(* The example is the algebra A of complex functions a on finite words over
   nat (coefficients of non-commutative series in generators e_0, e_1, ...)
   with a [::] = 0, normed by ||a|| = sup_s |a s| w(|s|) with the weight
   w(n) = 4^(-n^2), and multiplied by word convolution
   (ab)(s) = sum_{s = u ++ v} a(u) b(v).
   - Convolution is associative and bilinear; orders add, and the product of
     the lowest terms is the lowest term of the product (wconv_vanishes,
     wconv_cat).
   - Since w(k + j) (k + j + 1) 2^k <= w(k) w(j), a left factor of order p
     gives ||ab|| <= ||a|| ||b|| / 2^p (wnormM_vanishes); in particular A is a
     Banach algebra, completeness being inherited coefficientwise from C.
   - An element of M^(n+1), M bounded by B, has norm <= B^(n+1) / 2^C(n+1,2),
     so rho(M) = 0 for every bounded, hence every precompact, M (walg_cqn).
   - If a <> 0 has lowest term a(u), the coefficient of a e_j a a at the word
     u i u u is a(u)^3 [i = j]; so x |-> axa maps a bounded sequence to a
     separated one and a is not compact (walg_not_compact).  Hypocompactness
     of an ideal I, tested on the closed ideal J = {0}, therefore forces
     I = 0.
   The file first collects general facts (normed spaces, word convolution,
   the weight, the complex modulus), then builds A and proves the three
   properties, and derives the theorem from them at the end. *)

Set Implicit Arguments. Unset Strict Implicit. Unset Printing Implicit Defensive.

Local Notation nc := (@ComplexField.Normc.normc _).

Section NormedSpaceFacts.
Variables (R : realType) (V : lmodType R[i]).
####
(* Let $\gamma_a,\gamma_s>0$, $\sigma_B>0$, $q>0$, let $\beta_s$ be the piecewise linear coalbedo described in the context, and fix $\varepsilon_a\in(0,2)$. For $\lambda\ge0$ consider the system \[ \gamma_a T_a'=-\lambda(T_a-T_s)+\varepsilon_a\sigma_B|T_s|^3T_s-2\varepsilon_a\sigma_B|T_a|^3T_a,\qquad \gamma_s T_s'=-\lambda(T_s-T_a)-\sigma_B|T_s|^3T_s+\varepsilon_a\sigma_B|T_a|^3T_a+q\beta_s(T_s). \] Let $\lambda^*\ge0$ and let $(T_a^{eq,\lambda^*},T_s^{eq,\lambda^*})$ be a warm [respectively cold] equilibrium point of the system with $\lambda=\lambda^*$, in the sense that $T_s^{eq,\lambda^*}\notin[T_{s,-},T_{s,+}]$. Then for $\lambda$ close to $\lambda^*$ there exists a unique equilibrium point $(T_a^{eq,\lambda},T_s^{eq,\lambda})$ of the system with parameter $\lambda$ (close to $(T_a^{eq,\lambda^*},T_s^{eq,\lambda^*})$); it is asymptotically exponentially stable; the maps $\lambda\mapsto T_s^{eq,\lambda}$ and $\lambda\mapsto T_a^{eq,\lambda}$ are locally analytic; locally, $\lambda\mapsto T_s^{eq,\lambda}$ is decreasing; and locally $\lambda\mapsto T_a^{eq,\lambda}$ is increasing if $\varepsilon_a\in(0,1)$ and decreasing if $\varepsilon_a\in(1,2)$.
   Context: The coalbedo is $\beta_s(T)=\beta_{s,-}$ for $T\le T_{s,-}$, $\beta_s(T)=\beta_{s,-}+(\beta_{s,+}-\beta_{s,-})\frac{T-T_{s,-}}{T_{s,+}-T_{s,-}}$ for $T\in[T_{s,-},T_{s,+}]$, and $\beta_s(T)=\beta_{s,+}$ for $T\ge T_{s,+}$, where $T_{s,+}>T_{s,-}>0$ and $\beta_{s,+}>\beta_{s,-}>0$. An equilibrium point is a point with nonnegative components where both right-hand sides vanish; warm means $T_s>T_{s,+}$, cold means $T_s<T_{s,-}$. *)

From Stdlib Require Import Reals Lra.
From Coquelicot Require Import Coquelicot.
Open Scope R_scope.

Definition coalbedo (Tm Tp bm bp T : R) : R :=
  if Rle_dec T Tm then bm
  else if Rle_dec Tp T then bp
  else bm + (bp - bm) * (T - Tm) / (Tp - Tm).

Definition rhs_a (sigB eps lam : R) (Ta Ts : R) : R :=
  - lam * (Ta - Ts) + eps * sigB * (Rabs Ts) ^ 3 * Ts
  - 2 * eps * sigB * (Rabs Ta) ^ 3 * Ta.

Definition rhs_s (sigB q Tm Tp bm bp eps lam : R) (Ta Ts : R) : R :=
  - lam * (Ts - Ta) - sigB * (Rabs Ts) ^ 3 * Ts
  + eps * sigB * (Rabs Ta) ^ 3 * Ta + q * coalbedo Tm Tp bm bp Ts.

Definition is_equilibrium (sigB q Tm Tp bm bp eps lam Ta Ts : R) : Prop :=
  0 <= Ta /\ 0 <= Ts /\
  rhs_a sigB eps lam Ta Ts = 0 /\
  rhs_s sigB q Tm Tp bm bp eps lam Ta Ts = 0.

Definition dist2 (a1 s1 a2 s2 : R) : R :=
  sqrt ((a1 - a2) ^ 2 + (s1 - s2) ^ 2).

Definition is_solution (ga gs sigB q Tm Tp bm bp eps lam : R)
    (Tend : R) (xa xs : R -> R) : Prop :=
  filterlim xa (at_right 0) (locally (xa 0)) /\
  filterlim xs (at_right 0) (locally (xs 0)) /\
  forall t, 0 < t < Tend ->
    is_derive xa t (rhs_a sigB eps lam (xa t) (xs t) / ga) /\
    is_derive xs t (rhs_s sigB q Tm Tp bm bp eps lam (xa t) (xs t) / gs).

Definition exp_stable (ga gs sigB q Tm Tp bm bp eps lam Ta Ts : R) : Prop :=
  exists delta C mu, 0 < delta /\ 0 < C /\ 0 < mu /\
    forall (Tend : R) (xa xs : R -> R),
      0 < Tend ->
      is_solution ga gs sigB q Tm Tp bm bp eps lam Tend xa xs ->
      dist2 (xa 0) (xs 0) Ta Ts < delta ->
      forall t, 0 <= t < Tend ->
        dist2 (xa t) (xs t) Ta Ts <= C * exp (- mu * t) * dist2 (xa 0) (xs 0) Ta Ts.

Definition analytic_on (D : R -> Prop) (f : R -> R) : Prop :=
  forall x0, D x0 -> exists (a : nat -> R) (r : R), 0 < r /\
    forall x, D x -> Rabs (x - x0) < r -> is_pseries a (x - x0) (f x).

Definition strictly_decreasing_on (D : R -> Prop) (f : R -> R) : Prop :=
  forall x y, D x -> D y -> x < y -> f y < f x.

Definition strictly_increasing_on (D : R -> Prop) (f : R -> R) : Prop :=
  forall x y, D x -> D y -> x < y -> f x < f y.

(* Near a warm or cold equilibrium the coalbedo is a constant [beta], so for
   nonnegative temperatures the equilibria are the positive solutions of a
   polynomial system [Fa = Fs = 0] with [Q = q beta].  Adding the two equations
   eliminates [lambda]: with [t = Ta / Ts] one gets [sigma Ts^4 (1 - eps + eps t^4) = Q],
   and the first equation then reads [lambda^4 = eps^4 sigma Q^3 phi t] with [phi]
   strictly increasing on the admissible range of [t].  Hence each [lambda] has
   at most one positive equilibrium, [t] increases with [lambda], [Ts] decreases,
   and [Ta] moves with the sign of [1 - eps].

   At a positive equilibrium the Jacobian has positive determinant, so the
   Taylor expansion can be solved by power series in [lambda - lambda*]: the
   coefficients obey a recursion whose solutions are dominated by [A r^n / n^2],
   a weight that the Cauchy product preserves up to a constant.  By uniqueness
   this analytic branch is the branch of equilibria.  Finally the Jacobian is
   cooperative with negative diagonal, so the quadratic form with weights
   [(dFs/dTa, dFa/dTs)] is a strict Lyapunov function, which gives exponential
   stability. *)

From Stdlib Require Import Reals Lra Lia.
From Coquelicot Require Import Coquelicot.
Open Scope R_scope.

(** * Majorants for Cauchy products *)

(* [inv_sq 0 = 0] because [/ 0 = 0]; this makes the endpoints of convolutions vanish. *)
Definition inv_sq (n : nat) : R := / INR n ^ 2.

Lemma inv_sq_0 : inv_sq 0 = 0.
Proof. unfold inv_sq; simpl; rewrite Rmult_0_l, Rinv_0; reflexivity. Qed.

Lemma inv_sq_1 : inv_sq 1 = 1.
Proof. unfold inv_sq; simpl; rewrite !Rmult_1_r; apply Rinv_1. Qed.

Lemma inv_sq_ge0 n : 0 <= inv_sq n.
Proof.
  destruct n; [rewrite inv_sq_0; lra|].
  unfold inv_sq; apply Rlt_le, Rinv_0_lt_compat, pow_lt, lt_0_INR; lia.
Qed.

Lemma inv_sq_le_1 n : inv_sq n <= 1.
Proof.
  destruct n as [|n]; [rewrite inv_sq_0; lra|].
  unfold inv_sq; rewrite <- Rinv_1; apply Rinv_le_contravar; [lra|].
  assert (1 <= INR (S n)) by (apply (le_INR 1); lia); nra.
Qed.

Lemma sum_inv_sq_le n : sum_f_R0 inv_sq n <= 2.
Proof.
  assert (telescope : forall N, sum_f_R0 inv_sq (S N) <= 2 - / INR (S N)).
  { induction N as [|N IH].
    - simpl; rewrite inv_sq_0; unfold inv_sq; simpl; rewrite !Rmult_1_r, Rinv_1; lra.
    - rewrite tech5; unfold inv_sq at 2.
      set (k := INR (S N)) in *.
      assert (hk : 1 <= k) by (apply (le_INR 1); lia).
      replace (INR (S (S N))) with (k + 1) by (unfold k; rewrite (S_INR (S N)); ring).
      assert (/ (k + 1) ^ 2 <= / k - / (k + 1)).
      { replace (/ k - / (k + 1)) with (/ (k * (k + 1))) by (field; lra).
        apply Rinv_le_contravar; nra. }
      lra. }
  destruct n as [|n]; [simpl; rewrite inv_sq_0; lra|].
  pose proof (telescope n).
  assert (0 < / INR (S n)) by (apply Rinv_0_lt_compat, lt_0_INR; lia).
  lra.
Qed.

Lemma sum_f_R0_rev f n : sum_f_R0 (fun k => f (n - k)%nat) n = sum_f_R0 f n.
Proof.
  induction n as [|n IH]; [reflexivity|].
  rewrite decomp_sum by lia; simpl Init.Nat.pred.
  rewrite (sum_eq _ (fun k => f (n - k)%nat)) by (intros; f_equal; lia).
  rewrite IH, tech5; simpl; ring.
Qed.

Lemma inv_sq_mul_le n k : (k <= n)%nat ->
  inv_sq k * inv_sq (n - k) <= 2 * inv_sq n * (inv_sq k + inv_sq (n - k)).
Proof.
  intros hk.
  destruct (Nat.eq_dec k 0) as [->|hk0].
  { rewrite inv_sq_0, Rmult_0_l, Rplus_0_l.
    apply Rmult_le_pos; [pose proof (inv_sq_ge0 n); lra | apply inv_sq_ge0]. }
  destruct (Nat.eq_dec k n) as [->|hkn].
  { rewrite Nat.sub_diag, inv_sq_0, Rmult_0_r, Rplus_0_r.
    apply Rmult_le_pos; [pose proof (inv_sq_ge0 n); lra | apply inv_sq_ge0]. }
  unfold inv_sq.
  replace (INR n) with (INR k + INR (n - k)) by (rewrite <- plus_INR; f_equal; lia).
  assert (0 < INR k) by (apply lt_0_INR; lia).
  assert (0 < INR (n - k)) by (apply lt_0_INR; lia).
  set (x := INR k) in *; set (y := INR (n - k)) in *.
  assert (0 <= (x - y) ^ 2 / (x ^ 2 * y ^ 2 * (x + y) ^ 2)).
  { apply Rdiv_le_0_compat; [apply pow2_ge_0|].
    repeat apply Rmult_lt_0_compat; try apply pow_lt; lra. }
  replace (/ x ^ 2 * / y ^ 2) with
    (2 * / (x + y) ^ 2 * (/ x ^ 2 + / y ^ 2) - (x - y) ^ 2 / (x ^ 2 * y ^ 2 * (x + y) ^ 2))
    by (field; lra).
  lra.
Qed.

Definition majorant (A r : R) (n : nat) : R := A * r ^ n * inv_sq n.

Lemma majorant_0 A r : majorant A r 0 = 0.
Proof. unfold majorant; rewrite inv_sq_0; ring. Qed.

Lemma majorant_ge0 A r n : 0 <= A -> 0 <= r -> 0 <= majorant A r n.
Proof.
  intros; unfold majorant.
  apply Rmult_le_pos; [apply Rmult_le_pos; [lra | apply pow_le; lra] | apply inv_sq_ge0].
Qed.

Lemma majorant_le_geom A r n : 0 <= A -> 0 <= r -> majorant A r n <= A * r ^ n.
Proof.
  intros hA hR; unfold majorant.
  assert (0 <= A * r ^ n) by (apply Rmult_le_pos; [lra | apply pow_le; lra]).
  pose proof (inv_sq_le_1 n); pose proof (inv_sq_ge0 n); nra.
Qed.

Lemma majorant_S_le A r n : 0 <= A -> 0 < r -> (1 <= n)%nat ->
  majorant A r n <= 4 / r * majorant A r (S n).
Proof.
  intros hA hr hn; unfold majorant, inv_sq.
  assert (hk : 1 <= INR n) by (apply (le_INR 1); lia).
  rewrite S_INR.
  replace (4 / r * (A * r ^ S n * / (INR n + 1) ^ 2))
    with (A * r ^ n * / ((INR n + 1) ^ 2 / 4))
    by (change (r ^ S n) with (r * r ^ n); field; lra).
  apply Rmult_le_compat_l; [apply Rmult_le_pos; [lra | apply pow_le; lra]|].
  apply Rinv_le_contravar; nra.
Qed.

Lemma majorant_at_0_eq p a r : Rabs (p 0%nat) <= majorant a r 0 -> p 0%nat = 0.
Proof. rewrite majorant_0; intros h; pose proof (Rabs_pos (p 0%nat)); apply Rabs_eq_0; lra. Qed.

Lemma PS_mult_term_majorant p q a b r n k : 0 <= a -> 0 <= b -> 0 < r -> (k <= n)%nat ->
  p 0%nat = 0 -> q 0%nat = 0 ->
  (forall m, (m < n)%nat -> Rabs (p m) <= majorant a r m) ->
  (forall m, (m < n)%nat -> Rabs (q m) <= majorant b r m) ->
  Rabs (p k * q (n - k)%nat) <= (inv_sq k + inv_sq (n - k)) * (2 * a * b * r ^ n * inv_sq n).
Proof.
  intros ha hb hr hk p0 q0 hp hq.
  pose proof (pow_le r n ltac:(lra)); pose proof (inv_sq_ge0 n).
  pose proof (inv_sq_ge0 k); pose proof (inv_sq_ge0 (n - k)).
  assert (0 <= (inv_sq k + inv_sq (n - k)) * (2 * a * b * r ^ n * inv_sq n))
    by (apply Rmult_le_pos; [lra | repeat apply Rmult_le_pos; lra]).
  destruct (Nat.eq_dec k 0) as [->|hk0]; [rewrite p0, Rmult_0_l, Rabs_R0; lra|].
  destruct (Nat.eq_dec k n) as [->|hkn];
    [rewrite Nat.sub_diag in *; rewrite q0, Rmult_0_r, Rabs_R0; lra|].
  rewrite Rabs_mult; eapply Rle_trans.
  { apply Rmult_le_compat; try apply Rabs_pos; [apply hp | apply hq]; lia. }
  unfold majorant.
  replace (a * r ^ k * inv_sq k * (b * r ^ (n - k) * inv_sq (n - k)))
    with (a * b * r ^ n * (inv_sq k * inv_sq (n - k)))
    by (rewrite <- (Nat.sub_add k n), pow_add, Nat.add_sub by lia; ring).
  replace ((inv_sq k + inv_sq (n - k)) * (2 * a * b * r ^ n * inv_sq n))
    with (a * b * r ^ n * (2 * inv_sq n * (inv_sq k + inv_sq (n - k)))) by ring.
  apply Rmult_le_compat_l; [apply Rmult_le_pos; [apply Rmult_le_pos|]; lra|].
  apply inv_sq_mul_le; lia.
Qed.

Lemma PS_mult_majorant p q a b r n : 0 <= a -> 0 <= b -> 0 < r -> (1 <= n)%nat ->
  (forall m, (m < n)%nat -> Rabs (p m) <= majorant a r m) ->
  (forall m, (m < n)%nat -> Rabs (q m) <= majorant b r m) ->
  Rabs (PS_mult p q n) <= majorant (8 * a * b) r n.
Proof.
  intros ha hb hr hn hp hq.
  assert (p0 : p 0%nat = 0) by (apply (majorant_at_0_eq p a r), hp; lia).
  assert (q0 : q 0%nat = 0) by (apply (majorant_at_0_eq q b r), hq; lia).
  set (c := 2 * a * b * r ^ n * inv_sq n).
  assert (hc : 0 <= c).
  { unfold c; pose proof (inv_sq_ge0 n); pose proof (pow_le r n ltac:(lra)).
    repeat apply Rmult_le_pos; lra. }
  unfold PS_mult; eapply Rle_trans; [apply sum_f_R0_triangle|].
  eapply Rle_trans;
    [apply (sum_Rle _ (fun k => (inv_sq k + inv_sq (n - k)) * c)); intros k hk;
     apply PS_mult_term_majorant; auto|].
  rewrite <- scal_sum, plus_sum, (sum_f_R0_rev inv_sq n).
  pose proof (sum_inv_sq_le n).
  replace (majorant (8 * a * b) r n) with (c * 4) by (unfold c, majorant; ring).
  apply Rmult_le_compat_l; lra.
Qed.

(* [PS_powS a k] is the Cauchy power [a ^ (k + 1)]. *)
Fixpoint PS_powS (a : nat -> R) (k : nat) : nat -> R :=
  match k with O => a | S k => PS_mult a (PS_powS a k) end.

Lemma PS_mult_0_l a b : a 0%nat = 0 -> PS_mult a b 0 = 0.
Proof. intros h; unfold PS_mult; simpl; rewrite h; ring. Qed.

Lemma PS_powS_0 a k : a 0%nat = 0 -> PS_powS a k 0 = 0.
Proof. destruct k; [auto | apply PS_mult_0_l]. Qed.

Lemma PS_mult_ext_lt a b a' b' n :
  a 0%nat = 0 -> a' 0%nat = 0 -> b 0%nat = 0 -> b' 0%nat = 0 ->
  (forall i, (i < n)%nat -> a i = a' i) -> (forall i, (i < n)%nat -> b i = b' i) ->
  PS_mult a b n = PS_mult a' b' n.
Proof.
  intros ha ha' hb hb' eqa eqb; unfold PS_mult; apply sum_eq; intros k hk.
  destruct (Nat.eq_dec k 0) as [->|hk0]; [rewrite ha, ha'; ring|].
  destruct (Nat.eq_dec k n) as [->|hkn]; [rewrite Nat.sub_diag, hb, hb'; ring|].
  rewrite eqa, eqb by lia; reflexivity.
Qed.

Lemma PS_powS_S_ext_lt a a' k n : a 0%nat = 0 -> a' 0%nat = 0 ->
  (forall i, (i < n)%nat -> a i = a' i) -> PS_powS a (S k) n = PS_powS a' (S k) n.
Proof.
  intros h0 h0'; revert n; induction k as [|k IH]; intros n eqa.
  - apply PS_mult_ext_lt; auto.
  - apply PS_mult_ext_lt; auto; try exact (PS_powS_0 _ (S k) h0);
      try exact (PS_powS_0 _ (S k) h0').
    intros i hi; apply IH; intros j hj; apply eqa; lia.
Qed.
####
** Task directions **
Copy the lines of the data above exactly as written, beginning with the line containing "(* The example" and ending with the line containing "so rho(M) = 0", and leave out all other lines.

** Worked solution **
(* The example is the algebra A of complex functions a on finite words over
   nat (coefficients of non-commutative series in generators e_0, e_1, ...)
   with a [::] = 0, normed by ||a|| = sup_s |a s| w(|s|) with the weight
   w(n) = 4^(-n^2), and multiplied by word convolution
   (ab)(s) = sum_{s = u ++ v} a(u) b(v).
   - Convolution is associative and bilinear; orders add, and the product of
     the lowest terms is the lowest term of the product (wconv_vanishes,
     wconv_cat).
   - Since w(k + j) (k + j + 1) 2^k <= w(k) w(j), a left factor of order p
     gives ||ab|| <= ||a|| ||b|| / 2^p (wnormM_vanishes); in particular A is a
     Banach algebra, completeness being inherited coefficientwise from C.
   - An element of M^(n+1), M bounded by B, has norm <= B^(n+1) / 2^C(n+1,2),
     so rho(M) = 0 for every bounded, hence every precompact, M (walg_cqn).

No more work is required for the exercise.